ASSIGNMENT: Look through the data below, and copy each line that carries the word "ltac".

*** GIVEN INFORMATION Section Begins ***

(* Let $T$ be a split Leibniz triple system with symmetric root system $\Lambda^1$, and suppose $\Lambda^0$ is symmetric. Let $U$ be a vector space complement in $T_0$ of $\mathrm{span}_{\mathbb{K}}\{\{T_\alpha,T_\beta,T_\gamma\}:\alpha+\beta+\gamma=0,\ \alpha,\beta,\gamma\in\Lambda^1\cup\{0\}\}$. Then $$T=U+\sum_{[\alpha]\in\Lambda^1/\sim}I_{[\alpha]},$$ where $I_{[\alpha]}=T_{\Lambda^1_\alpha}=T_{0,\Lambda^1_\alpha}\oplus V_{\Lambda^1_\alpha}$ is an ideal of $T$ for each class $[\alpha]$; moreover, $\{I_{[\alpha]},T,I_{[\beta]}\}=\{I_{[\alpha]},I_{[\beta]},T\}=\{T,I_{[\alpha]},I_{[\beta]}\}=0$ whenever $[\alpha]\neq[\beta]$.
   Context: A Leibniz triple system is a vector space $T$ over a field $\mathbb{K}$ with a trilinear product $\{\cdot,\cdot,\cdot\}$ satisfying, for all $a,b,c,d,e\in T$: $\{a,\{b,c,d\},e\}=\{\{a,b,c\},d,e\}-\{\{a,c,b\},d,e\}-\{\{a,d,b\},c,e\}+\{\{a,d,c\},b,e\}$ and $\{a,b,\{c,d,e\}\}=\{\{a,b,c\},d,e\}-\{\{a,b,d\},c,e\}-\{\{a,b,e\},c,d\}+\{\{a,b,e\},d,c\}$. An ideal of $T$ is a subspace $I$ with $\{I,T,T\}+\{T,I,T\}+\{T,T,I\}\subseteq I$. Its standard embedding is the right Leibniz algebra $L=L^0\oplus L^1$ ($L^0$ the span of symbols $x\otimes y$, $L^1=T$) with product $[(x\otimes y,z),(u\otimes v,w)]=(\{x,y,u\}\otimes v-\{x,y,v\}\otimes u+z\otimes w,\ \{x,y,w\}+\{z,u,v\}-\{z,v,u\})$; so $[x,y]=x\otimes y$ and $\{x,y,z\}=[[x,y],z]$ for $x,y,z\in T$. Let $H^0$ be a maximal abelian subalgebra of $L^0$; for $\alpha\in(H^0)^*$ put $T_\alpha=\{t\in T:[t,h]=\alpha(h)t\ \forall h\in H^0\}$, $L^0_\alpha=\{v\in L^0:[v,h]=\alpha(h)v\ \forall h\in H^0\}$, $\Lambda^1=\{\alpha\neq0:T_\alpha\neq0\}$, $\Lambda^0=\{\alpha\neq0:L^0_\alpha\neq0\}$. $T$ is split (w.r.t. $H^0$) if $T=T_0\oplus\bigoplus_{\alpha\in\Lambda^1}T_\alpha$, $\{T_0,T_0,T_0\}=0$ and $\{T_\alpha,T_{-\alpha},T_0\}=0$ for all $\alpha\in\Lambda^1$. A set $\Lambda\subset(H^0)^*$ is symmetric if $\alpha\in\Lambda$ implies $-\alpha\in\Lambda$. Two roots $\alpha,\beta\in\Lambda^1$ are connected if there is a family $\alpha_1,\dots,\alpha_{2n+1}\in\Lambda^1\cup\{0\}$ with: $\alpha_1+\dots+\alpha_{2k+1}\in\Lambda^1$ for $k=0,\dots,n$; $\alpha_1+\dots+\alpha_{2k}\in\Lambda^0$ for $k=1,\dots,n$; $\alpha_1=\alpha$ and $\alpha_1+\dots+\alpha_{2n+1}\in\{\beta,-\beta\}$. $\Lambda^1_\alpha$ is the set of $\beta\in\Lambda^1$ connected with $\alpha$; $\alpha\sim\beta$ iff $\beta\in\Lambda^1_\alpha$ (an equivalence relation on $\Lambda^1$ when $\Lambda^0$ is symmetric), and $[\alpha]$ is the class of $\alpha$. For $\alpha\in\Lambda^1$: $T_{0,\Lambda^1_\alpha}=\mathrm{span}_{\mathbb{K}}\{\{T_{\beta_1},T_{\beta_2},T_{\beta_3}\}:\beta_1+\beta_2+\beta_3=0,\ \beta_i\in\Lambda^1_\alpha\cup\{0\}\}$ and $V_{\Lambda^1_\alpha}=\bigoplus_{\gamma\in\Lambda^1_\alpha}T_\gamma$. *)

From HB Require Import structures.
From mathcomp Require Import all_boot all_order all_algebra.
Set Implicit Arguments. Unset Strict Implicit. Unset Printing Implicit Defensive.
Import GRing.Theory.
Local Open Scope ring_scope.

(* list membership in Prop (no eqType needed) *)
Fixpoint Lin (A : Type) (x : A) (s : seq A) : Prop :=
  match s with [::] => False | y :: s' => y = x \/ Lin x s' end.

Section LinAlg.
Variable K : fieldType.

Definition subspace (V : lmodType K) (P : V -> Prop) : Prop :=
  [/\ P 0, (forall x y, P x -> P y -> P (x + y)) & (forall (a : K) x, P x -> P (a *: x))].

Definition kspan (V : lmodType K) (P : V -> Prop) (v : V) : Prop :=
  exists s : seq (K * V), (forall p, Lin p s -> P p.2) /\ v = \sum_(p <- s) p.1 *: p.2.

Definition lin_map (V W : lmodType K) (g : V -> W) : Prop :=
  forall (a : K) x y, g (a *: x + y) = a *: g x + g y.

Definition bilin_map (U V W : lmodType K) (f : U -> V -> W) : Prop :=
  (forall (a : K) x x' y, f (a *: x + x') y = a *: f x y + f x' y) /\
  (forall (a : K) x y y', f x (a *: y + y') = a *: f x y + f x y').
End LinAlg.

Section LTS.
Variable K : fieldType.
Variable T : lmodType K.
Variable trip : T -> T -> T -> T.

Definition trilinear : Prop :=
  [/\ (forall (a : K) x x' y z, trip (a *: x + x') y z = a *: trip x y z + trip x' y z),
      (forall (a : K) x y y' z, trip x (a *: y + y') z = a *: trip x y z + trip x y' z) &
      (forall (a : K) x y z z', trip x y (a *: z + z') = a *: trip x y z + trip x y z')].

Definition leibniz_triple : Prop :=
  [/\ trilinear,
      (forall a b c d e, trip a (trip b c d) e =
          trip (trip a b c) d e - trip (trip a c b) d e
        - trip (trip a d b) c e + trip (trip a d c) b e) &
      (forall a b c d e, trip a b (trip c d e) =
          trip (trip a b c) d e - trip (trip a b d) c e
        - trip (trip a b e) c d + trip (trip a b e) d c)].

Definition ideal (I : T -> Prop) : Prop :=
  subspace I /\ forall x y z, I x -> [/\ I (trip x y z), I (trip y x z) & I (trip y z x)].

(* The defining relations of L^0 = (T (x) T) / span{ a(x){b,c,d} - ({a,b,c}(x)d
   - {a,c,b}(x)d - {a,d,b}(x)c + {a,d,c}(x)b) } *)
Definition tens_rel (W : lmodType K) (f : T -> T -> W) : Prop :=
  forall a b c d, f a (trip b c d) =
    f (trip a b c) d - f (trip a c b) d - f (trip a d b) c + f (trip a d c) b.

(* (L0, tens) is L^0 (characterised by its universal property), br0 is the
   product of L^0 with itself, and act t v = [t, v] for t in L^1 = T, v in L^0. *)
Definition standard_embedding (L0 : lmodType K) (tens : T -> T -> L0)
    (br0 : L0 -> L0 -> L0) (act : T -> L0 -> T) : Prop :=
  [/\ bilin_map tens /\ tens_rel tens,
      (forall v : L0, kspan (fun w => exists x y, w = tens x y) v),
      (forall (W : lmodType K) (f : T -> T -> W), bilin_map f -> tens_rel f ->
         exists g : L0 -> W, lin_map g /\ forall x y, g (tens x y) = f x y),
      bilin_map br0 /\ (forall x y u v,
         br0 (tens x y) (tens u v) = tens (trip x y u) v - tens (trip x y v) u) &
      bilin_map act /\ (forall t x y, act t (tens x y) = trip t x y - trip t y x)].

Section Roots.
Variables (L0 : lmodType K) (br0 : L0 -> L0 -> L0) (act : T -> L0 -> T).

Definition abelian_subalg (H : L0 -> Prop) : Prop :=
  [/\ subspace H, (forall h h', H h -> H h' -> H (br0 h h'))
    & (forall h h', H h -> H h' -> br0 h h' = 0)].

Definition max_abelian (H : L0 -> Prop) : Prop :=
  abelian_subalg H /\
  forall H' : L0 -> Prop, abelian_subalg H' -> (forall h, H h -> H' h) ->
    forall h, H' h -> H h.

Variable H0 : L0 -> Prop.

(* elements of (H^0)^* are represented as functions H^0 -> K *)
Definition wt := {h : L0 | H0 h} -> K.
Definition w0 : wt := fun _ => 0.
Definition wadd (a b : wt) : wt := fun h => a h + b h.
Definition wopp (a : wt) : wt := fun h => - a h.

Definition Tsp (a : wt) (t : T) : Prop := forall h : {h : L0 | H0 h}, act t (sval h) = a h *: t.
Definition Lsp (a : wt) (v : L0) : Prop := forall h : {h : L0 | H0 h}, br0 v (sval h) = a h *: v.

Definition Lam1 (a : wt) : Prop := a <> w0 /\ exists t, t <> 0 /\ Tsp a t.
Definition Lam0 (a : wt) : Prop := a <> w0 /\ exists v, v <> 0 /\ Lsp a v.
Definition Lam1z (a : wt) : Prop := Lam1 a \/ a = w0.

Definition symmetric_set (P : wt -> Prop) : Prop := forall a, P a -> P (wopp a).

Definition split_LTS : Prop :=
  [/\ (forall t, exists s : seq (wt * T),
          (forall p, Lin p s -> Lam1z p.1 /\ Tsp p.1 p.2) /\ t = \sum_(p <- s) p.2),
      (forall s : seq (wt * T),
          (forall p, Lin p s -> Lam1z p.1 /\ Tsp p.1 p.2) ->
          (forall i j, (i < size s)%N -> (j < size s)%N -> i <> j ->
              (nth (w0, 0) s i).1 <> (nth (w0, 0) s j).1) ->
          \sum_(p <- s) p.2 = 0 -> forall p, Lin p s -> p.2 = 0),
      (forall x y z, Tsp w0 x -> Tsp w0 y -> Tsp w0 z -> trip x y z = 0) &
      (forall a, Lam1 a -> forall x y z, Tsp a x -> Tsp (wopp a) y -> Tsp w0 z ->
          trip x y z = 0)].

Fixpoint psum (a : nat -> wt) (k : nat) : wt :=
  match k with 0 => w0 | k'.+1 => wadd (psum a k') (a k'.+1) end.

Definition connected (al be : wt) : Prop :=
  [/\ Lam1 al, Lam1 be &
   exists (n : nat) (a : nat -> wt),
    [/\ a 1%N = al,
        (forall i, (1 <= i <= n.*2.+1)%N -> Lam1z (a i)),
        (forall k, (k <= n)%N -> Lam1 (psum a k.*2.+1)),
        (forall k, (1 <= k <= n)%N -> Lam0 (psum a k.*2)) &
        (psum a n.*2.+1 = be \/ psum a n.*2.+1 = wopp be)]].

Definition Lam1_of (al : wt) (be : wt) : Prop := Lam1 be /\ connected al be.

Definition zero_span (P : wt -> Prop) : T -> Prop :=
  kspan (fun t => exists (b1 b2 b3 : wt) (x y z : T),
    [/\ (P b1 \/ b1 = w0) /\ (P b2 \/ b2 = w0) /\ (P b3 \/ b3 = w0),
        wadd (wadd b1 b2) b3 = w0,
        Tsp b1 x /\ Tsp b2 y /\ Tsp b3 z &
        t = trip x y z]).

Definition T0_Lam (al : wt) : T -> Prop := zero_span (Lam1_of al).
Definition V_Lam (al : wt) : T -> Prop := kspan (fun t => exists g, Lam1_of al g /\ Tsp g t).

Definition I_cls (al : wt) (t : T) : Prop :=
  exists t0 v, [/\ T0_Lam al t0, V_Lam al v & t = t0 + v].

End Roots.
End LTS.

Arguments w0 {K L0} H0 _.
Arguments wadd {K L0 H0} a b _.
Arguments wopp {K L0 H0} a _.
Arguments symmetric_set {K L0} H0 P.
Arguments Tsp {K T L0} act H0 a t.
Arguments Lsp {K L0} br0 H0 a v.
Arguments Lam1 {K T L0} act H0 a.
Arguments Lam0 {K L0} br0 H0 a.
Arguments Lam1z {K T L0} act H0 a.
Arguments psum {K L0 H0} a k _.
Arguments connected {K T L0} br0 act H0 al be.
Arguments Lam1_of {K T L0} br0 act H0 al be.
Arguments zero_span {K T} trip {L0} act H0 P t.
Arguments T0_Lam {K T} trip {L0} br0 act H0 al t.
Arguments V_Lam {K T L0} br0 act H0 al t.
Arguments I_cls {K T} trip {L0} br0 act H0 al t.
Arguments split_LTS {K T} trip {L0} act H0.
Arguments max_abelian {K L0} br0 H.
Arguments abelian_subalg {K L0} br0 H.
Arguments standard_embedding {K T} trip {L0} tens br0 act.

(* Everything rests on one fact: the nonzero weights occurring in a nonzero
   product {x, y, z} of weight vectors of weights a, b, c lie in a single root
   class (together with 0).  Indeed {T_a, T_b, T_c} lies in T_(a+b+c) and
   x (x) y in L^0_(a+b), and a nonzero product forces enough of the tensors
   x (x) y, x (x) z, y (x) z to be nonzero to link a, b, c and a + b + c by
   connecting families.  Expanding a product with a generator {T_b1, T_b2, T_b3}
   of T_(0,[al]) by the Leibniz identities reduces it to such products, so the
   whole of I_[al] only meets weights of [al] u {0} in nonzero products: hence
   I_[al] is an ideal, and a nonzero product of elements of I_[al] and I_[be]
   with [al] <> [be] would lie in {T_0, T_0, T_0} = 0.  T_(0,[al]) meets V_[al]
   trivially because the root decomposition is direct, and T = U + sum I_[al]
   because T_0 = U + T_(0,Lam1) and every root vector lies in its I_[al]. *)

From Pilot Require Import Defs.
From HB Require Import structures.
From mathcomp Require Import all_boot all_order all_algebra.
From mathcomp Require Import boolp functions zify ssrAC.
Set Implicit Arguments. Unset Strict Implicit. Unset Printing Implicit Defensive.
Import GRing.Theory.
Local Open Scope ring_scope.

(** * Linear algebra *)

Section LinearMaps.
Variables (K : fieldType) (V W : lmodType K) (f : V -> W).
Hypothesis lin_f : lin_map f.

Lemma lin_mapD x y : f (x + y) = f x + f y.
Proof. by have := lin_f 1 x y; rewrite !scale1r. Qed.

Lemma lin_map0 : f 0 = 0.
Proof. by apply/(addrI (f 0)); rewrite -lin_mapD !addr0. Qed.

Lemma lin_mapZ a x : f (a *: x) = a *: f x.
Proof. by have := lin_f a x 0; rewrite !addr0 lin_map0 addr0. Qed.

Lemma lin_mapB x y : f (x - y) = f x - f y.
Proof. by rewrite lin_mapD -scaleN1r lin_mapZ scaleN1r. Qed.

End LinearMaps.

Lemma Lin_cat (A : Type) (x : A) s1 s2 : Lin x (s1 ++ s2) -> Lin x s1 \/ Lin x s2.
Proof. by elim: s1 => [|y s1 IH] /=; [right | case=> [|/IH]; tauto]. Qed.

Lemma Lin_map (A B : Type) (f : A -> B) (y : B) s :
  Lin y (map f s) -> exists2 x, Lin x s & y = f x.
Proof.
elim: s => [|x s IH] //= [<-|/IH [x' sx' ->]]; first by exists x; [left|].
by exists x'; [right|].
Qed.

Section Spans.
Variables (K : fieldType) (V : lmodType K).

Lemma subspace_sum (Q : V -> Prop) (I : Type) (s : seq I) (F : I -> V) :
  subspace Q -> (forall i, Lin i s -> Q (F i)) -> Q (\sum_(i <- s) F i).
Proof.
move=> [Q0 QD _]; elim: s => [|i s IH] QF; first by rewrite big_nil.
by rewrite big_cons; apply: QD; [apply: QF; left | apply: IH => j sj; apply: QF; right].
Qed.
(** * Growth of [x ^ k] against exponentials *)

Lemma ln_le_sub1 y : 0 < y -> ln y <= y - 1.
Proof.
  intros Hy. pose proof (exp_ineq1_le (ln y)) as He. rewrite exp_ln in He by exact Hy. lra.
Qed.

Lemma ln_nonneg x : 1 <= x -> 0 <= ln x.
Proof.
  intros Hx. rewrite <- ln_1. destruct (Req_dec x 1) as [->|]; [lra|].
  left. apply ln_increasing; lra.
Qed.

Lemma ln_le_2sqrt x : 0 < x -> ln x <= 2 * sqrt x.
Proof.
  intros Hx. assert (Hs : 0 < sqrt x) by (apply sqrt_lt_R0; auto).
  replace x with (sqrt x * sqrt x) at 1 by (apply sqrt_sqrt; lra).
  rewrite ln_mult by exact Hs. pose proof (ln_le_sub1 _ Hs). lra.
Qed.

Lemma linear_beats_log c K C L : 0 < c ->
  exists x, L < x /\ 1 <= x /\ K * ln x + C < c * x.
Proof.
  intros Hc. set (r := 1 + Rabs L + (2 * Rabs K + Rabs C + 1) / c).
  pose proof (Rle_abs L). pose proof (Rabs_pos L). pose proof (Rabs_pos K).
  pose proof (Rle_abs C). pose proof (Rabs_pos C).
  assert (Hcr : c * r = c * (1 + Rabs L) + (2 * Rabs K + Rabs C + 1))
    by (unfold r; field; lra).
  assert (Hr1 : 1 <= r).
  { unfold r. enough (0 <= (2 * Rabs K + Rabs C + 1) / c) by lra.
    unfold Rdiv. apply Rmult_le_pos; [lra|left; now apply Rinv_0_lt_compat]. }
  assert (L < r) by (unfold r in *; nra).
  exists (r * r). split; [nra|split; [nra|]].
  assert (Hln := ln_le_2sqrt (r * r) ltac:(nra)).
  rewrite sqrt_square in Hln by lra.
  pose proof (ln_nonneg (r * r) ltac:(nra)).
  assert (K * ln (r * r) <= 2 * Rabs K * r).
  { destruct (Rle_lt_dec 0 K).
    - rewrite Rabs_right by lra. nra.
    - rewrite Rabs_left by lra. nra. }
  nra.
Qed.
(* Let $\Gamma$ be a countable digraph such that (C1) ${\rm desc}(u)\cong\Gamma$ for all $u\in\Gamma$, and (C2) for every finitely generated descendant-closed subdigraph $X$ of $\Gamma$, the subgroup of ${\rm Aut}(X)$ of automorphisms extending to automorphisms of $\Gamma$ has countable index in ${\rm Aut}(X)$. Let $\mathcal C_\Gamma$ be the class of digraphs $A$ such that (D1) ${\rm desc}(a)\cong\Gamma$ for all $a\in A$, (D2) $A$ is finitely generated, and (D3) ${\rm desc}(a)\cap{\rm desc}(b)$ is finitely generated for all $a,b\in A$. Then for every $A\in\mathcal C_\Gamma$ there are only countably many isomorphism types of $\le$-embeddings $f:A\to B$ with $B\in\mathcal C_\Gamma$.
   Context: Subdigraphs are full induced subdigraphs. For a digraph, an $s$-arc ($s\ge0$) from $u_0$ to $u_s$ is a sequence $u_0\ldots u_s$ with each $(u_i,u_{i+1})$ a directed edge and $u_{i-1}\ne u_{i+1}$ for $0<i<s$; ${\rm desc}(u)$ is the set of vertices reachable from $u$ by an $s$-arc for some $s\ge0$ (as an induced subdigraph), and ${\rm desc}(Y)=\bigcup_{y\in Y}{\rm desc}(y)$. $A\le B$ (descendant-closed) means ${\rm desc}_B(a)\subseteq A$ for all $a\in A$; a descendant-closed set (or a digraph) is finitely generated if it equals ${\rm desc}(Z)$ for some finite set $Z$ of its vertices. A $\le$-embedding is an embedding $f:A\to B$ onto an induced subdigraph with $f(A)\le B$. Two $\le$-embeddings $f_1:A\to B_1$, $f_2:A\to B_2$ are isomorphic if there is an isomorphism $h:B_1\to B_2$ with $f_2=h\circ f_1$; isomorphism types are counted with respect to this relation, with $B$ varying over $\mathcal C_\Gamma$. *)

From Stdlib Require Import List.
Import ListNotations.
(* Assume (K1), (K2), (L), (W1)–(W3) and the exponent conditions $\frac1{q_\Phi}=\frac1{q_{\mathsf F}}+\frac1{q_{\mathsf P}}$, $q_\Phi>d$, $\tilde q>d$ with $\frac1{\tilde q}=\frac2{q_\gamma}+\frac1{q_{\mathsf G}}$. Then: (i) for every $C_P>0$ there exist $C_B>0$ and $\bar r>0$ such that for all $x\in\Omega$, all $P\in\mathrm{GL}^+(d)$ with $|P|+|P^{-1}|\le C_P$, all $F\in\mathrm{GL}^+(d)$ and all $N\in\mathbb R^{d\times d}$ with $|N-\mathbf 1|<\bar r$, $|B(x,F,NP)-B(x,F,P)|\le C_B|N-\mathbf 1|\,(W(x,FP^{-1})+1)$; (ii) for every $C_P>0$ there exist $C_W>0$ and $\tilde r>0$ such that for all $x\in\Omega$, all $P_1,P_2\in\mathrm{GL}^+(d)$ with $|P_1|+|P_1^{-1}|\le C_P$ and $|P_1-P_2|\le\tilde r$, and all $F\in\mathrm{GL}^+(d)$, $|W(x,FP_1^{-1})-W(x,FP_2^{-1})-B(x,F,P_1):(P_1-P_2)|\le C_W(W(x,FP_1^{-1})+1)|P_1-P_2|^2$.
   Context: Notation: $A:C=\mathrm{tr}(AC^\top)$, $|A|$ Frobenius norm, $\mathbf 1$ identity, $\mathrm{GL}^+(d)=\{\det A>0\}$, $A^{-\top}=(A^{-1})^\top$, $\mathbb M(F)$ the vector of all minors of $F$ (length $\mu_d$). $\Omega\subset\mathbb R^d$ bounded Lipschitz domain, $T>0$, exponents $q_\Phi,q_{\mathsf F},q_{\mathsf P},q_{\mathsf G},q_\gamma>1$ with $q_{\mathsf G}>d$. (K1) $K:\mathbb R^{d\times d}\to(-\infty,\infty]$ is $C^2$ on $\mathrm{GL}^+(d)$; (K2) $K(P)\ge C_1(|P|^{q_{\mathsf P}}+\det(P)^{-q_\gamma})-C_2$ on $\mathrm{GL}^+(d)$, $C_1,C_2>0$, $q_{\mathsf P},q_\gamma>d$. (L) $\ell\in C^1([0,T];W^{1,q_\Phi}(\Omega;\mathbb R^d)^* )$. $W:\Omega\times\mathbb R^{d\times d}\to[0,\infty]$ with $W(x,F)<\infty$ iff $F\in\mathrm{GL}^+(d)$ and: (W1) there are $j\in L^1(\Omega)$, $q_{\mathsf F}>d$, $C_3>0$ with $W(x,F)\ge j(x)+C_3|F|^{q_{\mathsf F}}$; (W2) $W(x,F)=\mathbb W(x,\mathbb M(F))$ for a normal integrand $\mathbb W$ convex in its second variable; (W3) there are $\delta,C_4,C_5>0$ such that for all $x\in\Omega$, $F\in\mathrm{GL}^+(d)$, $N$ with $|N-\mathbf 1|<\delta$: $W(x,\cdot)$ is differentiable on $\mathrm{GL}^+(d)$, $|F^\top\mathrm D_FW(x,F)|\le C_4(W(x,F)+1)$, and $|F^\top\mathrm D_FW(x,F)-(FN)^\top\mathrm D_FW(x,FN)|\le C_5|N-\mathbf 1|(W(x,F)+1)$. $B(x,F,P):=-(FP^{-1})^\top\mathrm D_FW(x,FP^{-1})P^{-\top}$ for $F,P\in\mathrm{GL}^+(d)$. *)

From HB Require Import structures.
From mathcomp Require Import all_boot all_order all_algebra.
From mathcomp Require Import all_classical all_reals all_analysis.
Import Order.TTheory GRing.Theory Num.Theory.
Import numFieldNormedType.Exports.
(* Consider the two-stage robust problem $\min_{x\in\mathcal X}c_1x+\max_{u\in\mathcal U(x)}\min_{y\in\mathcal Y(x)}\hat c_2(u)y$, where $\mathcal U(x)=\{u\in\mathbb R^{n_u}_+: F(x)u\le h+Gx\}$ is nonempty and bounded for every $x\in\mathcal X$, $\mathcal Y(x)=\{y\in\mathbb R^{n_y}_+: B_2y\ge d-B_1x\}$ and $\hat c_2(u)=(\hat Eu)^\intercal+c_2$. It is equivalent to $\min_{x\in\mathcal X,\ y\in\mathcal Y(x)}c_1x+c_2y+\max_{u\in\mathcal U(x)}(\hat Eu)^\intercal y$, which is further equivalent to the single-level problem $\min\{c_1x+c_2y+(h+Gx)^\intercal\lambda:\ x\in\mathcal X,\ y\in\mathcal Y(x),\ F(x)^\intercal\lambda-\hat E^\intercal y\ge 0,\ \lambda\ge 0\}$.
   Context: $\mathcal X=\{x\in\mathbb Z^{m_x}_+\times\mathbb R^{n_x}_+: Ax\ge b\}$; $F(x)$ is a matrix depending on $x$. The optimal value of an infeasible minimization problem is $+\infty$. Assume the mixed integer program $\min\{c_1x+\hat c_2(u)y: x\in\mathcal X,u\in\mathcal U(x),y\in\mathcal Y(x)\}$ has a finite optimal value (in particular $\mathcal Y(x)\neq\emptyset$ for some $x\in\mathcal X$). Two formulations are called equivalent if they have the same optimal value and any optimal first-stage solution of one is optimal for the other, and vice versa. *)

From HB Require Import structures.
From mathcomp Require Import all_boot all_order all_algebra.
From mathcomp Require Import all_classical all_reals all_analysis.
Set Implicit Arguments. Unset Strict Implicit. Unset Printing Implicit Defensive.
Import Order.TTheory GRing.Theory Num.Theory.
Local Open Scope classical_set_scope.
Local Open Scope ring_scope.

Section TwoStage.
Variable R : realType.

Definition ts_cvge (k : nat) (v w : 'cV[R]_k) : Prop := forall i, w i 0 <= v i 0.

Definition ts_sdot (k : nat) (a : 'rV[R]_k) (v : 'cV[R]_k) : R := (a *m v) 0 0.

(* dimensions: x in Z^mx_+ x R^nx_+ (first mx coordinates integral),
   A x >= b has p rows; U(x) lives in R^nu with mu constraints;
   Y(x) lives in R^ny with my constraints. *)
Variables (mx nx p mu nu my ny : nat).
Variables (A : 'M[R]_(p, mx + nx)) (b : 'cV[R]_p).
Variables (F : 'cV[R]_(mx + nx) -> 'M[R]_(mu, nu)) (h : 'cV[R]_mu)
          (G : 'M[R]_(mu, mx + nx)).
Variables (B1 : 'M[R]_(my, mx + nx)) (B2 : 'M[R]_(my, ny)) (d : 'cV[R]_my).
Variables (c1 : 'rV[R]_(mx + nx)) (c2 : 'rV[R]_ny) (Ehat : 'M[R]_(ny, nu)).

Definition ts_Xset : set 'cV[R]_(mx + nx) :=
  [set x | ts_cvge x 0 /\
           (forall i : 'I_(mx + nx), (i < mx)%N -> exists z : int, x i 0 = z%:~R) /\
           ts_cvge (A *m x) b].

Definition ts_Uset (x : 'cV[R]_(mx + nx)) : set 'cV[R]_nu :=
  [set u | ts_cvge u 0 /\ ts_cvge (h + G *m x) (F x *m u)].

*** GIVEN INFORMATION Section Ends ***

RESPONSE FOR THIS EXERCISE:
  assert (Hln := ln_le_2sqrt (r * r) ltac:(nra)).
  pose proof (ln_nonneg (r * r) ltac:(nra)).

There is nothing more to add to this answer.